Due to the nature and intended purpose of antifouling biocides, they were designed to be highly stable and long lasting in alkaline waters, to ensure they are effective in inhibiting biofouling for months to years. By using a box model, Ranke (2002) estimated that the overall residence time for Irgarol 1051 in the marine systems is over 10 y. If so, Irgarol 1051 can be considered as a persistent organic pollutant (POP). It is therefore not surprising that after Irgarol 1051 has been banned, it can still be detected in marine waters (Bowman et al., 2003, Gardinali et al., 2004, Gatidou et al., 2005, Cresswell et al., 2006, Gatidou et al., 2007) and sediments (Gatidou et al., 2004, Gatidou et al., 2007). Although Irgarol 1051 is not considered to be easily degraded in seawater with a half life of 100–350 d (Thomas et al., 2002, Omae, 2003), several studies (Liu et al., 1997, Okamura, 2002) show that it can be degraded to form its main metabolite M1 (2-methylthio-4-tert-butylamino-s-triazine) through N-dealkylation. Furthermore, M1 has been detected in coastal waters and sediments as a result of natural transformation processes such as photodegradation and biodegradation (Thomas et al., 2000, Thomas et al., 2002, Martinez and Barceló, 2001, Ferrer and Barceló, 2001, Lam et al., 2005, Gatidou et al., 2007). Concentrations of Irgarol 1051 in seawater worldwide vary between non-detectable and low μg/L (Sargent et al., 2000, Biselli et al., 2000, Sakkas et al., 2002, Okamura et al., 2003). Concentrations up to 4.2 μg/L have been detected in coastal areas (Basheer et al., 2002), whereas in the UK the highest concentration observed is 1.4 μg/L (Thomas et al., 2001). In sediment samples concentrations are typically in ng/g range (Albanis et al., 2002, Gatidou et al., 2007) but as high as 1 μg/g have been detected in marinas (Boxall et al., 2000). The levels of M1 are up to 1.9 μg/L (Okamura et al., 2000) and 0.023 μg/g (Gatidou et al., 2007) for seawater and marine sediment respectively, which are generally lower than those of Irgarol 1051 indicating slow degradation rates of the parent compound.

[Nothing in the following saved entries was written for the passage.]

Lemma min_ps_neq_ninfty G u : min_ps G u != -oo%E.
Proof.
apply: (big_ind (fun x : \bar R => x != -oo%E)) => // [x y|S _]; first by case: leP.
exact: ps_cost_neq_ninfty.
Qed.

Lemma min_ps_le G u S : partial_sol G u S -> (min_ps G u <= ps_cost S)%E.
Proof. exact: bigmin_le_cond. Qed.

Lemma le_min_ps G u x :
  (forall S, partial_sol G u S -> x <= ps_cost S)%E -> (x <= min_ps G u)%E.
Proof. by move=> h; apply: le_bigmin => //; exact: leey. Qed.

Lemma min_ps_attained G u :
  (exists2 S, partial_sol G u S & min_ps G u = ps_cost S) \/ min_ps G u = +oo%E.
Proof.
have [S pS|none] := pickP (partial_sol G u); last by right; rewrite /Defs.min_ps big_pred0.
by left; have [S' pS' eS] := eq_bigmin S _ _ pS (fun S _ => leey (ps_cost S)); exists S'.
Qed.

Lemma le_orval v v' u :
  (forall a k, edge u a -> isAnd a -> v (andch k a) <= v' (andch k a))%E ->
  (orval v u <= orval v' u)%E.
Proof.
move=> vv'; apply: le_min2 => //; apply: le_bigmin2 => a /andP[ua ha].
by apply: leeD => //; apply: leeD; apply: vv'.
Qed.

Lemma eq_orval v v' u :
  (forall a k, edge u a -> isAnd a -> v (andch k a) = v' (andch k a)) ->
  orval v u = orval v' u.
Proof. by move=> vv'; apply/eqP; rewrite eq_le !le_orval // => a k ua ha; rewrite vv'. Qed.

Lemma orval_le_and v u a : edge u a -> isAnd a -> (orval v u <= ecost u a + valA v a)%E.
Proof.
move=> ua ha; rewrite /Defs.orval ge_min; apply/orP; left.
by apply: bigmin_le_cond; rewrite ua ha.
Qed.

Lemma orval_le_term v u : (orval v u <= ecost u (term u))%E.
Proof. by rewrite /Defs.orval ge_min lexx orbT. Qed.

Definition expanded_in G u : Prop :=
  forall w, edge u w -> w \in G /\ forall z, edge w z -> z \in G.

Lemma min_ps_le_orval G u : isOr u -> samples u != finset.set0 -> u \in G ->
  expanded_in G u -> (min_ps G u <= orval (min_ps G) u)%E.
Proof.
move=> hu u0 uG uexp; have ut := edge_term hu u0.
rewrite le_min; apply/andP; split; last first.
  have [tG _] := uexp _ ut; rewrite -(cost_edge ut).
  exact/min_ps_le/partial_sol_term.
apply: le_bigmin => [|a /andP[ua ha]]; first exact: leey.
have [aG /(_ _ (edge_andch _ ua ha)) chG] := uexp a ua.
rewrite /Defs.valA.
have [[S0 pS0 ->]|->] := min_ps_attained G (andch false a); last first.
  by rewrite addye ?min_ps_neq_ninfty // addey ?ecost_neq_ninfty // leey.
have [[S1 pS1 ->]|->] := min_ps_attained G (andch true a); last first.
  by rewrite addey ?ps_cost_neq_ninfty // addey ?ecost_neq_ninfty // leey.
pose Sk k := if k then S1 else S0.
have pSk k : partial_sol G (andch k a) (Sk k) by case: k.
have rooted k := partial_sol_rooted (pSk k).
rewrite -(cost_and ua ha rooted); apply: min_ps_le; exact: partial_sol_and.
Qed.

Lemma orval_le_min_ps G u : isOr u -> (orval (min_ps G) u <= min_ps G u)%E.
Proof.
move=> hu; apply: le_min_ps => S pS.
have [w [wS uw uniq_w]] := partial_sol_child pS hu.
rewrite (partial_sol_rootE pS wS uniq_w).
have [hw|hw] := boolP (isAnd w).
  have chS k : andch k w \in S.
    by case/partial_solP: pS => _ _ _ aS _; exact: aS w wS _ hw (edge_andch k uw hw).
  rewrite (reach_And uw hw wS chS) (cost_and uw hw (fun k => @reach_rooted S (andch k w))).
  apply: le_trans (orval_le_and _ uw hw) _; apply: leeD => //.
  by apply: leeD; apply: min_ps_le; exact: partial_sol_reach pS (chS _).
have wt := edge_OrE hu uw hw.
rewrite reach_sink; last by rewrite wt => z; exact: edge_term_sink.
by rewrite cost_edge // wt orval_le_term.
Qed.

Lemma min_ps_orval G u : isOr u -> samples u != finset.set0 -> u \in G ->
  expanded_in G u -> min_ps G u = orval (min_ps G) u.
Proof. by move=> *; apply/eqP; rewrite eq_le min_ps_le_orval // orval_le_min_ps. Qed.

Lemma min_ps_leaf G u : isOr u -> {in G, forall w, ~~ edge u w} -> min_ps G u = +oo%E.
Proof.
move=> hu leaf; rewrite /Defs.min_ps big_pred0 // => S; apply/negbTE/negP=> pS.
have [w [wS uw _]] := partial_sol_child pS hu.
case/partial_solP: pS => /fintype.subsetP sG _ _ _ _.
by move: (leaf w (sG w wS)); rewrite uw.
Qed.

Lemma le_min_ps_subset G G' u : G \subset G' -> (min_ps G' u <= min_ps G u)%E.
Proof.
move=> GG'; apply: le_min_ps => S /partial_solP[sG uS cS aS oS]; apply: min_ps_le.
by apply/partial_solP; split=> //; exact: fintype.subset_trans sG GG'.
Qed.

(** * Expanded nodes and backward propagation *)

Record expansion_inv (G E : {set node}) : Prop := ExpansionInv {
  inv_expanded : {in E, forall u, expanded_in G u};
  inv_leaf : forall x y, isOr x -> edge x y -> y \in G -> x \in E;
  inv_samples : {in G, forall u, samples u != finset.set0};
  inv_sub : E \subset G;
  inv_isOr : {in E, forall u, isOr u}
}.

Section Expansion.
Variables (G E : {set node}).
Hypothesis GE : expansion_inv G E.

Lemma min_ps_expanded u : u \in E -> min_ps G u = orval (min_ps G) u.
Proof.
move=> uE; have uG := fintype.subsetP (inv_sub GE) u uE.
exact: min_ps_orval (inv_isOr GE uE) (inv_samples GE uG) uG (inv_expanded GE uE).
Qed.

Lemma min_ps_unexpanded u : isOr u -> u \notin E -> min_ps G u = +oo%E.
Proof.
move=> hu uE; apply: min_ps_leaf => // w wG; apply: contra uE => uw.
exact: (inv_leaf GE hu uw wG).
Qed.

Lemma andch_expanded u a k : u \in E -> edge u a -> isAnd a -> a \in G /\ andch k a \in G.
Proof.
move=> uE ua ha; have [aG chG] := inv_expanded GE uE ua.
by split; last exact: chG _ (edge_andch k ua ha).
Qed.

Lemma parents_expanded u : parents G u \subset E.
Proof.
apply/fintype.subsetP=> w; rewrite finset.in_set.
by case/and3P=> _ hw /existsP[a /andP[aG /and3P[_ wa _]]]; exact: (inv_leaf GE hw wa aG).
Qed.

End Expansion.

Section Propagation.
Variables (G E : {set node}) (T : node -> \bar R).
Hypotheses (GE : expansion_inv G E) (T_fix : {in E, forall u, T u = orval T u}).

Definition ub_bounds (Q : {set node}) (v : node -> \bar R) : Prop :=
  {in G, forall u, isOr u -> T u <= v u}%E /\
  {in E, forall u, u \notin Q -> v u <= orval v u}%E.

Lemma ub_bounds_update Q v u : u \in E -> ub_bounds Q v ->
  ub_bounds ((Q :\ u) :|: parents G u) (fun w => if w == u then orval v u else v w).
Proof.
move=> uE [lo up]; set v1 := fun w => _.
have orval_v1 w : w \in E -> w \notin parents G u -> orval v1 w = orval v w.
  move=> wE wP; apply: eq_orval => a k wa ha; rewrite /v1; case: eqP => // chu.
  case/negP: wP; have [aG _] := andch_expanded GE k wE wa ha.
  rewrite finset.in_set (fintype.subsetP (inv_sub GE) w wE) (inv_isOr GE wE) /=.
  by apply/existsP; exists a; rewrite aG ha wa -chu (edge_andch k wa ha).
split=> [w wG hw|w wE].
  rewrite /v1; case: eqP => [->|_]; last exact: lo.
  rewrite T_fix //; apply: le_orval => a k ua ha.
  have [_ chG] := andch_expanded GE k uE ua ha.
  exact: lo _ chG (isOr_andch k ha).
rewrite finset.in_setU finset.in_setD1 negb_or negb_and negbK => /andP[wQ wP].
rewrite orval_v1 // /v1; case: eqP => [->|/eqP wu]; first exact: lexx.
by apply: up => //; rewrite (negbTE wu) in wQ.
Qed.

Lemma ub_bounds_skip Q v u : ~~ (orval v u < v u)%E -> ub_bounds Q v -> ub_bounds (Q :\ u) v.
Proof.
move=> not_better [lo up]; split=> // w wE.
by rewrite finset.in_setD1 negb_and negbK => /orP[/eqP->|]; [rewrite leNgt | exact: up].
Qed.

Lemma propagate_ub Q v v' : propagate (fun nw old => nw < old)%E G Q v v' ->
  Q \subset E -> ub_bounds Q v ->
  ub_bounds finset.set0 v' /\ forall u, u \notin E -> v' u = v u.
Proof.
elim=> {Q v v'} [v|Q v v' u uQ _ _ IH] QE bnd; first by split.
have uE := fintype.subsetP QE u uQ.
have QuE : Q :\ u \subset E by apply: fintype.subset_trans (finset.subD1set Q u) QE.
move: IH; case: ifP => better IH; last exact: IH QuE (ub_bounds_skip (negbT better) bnd).
have QE' : (Q :\ u) :|: parents G u \subset E.
  by rewrite finset.subUset QuE (parents_expanded GE).
have [bnd' off] := IH QE' (ub_bounds_update uE bnd).
split=> // w wE; rewrite off //=; case: eqP => // wu.
by rewrite wu uE in wE.
Qed.

Lemma ub_bounds_eq v : ub_bounds finset.set0 v ->
  {in G, forall u, isOr u -> u \notin E -> v u = T u} ->
  {in G, forall u, isOr u -> v u = T u}.
Proof.
move=> [lo up] leaf.
suff eqT n u : (F - depth u < n)%N -> u \in G -> isOr u -> v u = T u.
  by move=> u; apply: eqT (ltnSn _).
elim: n u => // n IH u un uG hu.
have [uE|uE] := boolP (u \in E); last exact: leaf.
have child_eq a k : edge u a -> isAnd a -> v (andch k a) = T (andch k a).
  move=> ua ha; have [_ chG] := andch_expanded GE k uE ua ha.
  have [dch dF] := depth_andch k ua ha.
  by apply: IH chG (isOr_andch k ha); rewrite dch; lia.
apply/eqP; rewrite eq_le lo // andbT [T u]T_fix // -(eq_orval child_eq).
by apply: up; rewrite ?finset.in_set0.
Qed.

End Propagation.

(** * The main loop *)

Record ub_inv (s : state R N F) : Prop := UbInv {
  ub_expansion : expansion_inv (Gp s) (Ex s);
  ub_root : root \in Gp s;
  ub_exact : {in Gp s, forall u, isOr u -> UB s u = min_ps (Gp s) u};
  ub_outside : forall u, u \notin Gp s -> UB s u = +oo%E
}.

Lemma descend_unexpanded s x y : expansion_inv (Gp s) (Ex s) -> descend s x y ->
  x \in Gp s -> isOr x -> [/\ y \in Gp s, isOr y & y \notin Ex s].
Proof.
move=> GE; elim=> [z zE | z a z' zE za ha _ _ IH] zG hz; first by split.
have chG k : andch k a \in Gp s := proj2 (andch_expanded GE k zE za ha).
by apply: IH; case: ifP => _; rewrite ?chG ?(isOr_andch _ ha).
Qed.

Lemma expansion_inv_expand G E o : expansion_inv G E -> o \in G -> isOr o ->
  expansion_inv (G :|: [set w | edge o w] :|: [set w | [exists a, edge o a && edge a w]])
                (o |: E).
Proof.
move=> GE oG ho; set G' := _ :|: _ :|: _.
have GG' : G \subset G' by apply/fintype.subsetP=> w wG; rewrite !finset.inE wG.
have child w : edge o w -> w \in G' by move=> ow; rewrite !finset.inE ow orbT.
have grandchild w z : edge o w -> edge w z -> z \in G'.
  by move=> ow wz; rewrite !finset.inE; apply/orP; right; apply/existsP; exists w; rewrite ow.
split.
- move=> x /finset.setU1P[->|xE] w xw.
    by split=> [|z]; [exact: child | exact: grandchild].
  have [wG wz] := inv_expanded GE xE xw.
  by split=> [|z /wz]; apply: (fintype.subsetP GG').
- move=> x y hx xy; rewrite !finset.inE => /orP[/orP[yG|oy]|/existsP[a /andP[oa ay]]].
  + by rewrite (inv_leaf GE hx xy yG) orbT.
  + by rewrite (edge_Or_inj hx ho xy oy) eqxx.
  + move: (edge_isOr oa) (edge_isOr ay) (edge_isOr xy); rewrite ho hx.
    by case: (isOr a); case: (isOr y).
- move=> u; rewrite !finset.inE.
  case/orP=> [/orP[uG|/edge_samples_neq0 //]|/existsP[a /andP[_ /edge_samples_neq0 //]]].
  exact: (inv_samples GE uG).
- rewrite finset.subUset finset.sub1set (fintype.subsetP GG') //.
  exact: fintype.subset_trans (inv_sub GE) GG'.
- by move=> x /finset.setU1P[->|/(inv_isOr GE)].
Qed.

Lemma ub_inv_init : (0 < N)%N -> ub_inv init.
Proof.
move=> N0.
have GE : expansion_inv [set root] finset.set0.
  split.
  - by move=> x; rewrite finset.in_set0.
  - by move=> x y hx xy /finset.set1P yr; move: (edge_isOr xy); rewrite hx yr.
  - by move=> u /finset.set1P ->; apply/set0Pn; exists (Ordinal N0); rewrite finset.in_setT.
  - exact: finset.sub0set.
  - by move=> x; rewrite finset.in_set0.
split=> //= [|u uG hu]; first exact: finset.set11.
by rewrite (min_ps_unexpanded GE hu) ?finset.in_set0.
Qed.

Section Step.
Variables (s : state R N F) (x : node).
Hypotheses (Is : ub_inv s) (xG : x \in Gp s) (hx : isOr x).

Local Notation G' :=
  (Gp s :|: [set w | edge x w] :|: [set w | [exists a, edge x a && edge a w]]).
Local Notation E' := (x |: Ex s).

Lemma Gp_sub_expand : Gp s \subset G'.
Proof. by apply/fintype.subsetP=> w wG; rewrite !finset.inE wG. Qed.

Lemma ub_bounds_expand : ub_bounds G' E' (min_ps G') [set x] (UB s).
Proof.
have GE := ub_expansion Is.
split=> [u uG' hu|u uE'].
  have [uG|uG] := boolP (u \in Gp s); last by rewrite ub_outside // leey.
  by rewrite ub_exact // le_min_ps_subset // Gp_sub_expand.
rewrite finset.in_set1 => ux.
have uE : u \in Ex s by move: uE'; rewrite finset.in_setU1 (negbTE ux).
rewrite ub_exact ?(fintype.subsetP (inv_sub GE)) ?(inv_isOr GE uE) //.
rewrite (min_ps_expanded GE uE); apply: le_orval => a k ua ha.
have [_ chG] := andch_expanded GE k uE ua ha.
by rewrite ub_exact ?(isOr_andch k ha).
Qed.

Lemma ub_unexpanded_expand :
  {in G', forall u, isOr u -> u \notin E' -> UB s u = min_ps G' u}.
Proof.
have GE' := expansion_inv_expand (ub_expansion Is) xG hx.
move=> u _ hu uE'; rewrite (min_ps_unexpanded GE' hu uE').
have [uG|uG] := boolP (u \in Gp s); last exact: ub_outside.
have uE : u \notin Ex s by apply: contra uE'; exact: finset.setU1r.
by rewrite ub_exact // (min_ps_unexpanded (ub_expansion Is) hu uE).
Qed.

End Step.

Lemma ub_inv_step s s' : ub_inv s -> iteration s s' -> ub_inv s'.
Proof.
move=> Is [_ [x [hd [lb [ub [_ [hprop ->]]]]]]] /=.
have [xG hx _] := descend_unexpanded (ub_expansion Is) hd (ub_root Is) (erefl true).
have GE' := expansion_inv_expand (ub_expansion Is) xG hx.
have T_fix := min_ps_expanded GE'.
have xE' : [set x] \subset x |: Ex s by rewrite finset.sub1set finset.setU11.
have [bnd off] := propagate_ub GE' T_fix hprop xE' (ub_bounds_expand x Is).
split=> // [|u uG' hu|u uG'].
- exact: (fintype.subsetP (Gp_sub_expand s x)) (ub_root Is).
- apply: (ub_bounds_eq GE' T_fix bnd) => // w wG' hw wE'.
  by rewrite (off w wE') (ub_unexpanded_expand Is xG hx).
- rewrite /= off; last by apply: contra uG'; apply: (fintype.subsetP (inv_sub GE')).
  by apply: (ub_outside Is); apply: contra uG'; apply: (fintype.subsetP (Gp_sub_expand s x)).
Qed.

End MAPTreeUpperBounds.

The aim of this study was to determine the occurrence and persistence of Irgarol 1051 and its main degradation product (M1) in coastal waters of Southern England following the restrictions of its use in antifouling paints, by comparing their concentrations against threshold values; assessing their spatial and temporal variations in seawater and sediment; determining the relationship between the physicochemical properties of marine sediment and the concentrations of the target compounds in sediments; and assessing the impacts of paint matrix for affecting the persistence of Irgarol and M1 in marine systems.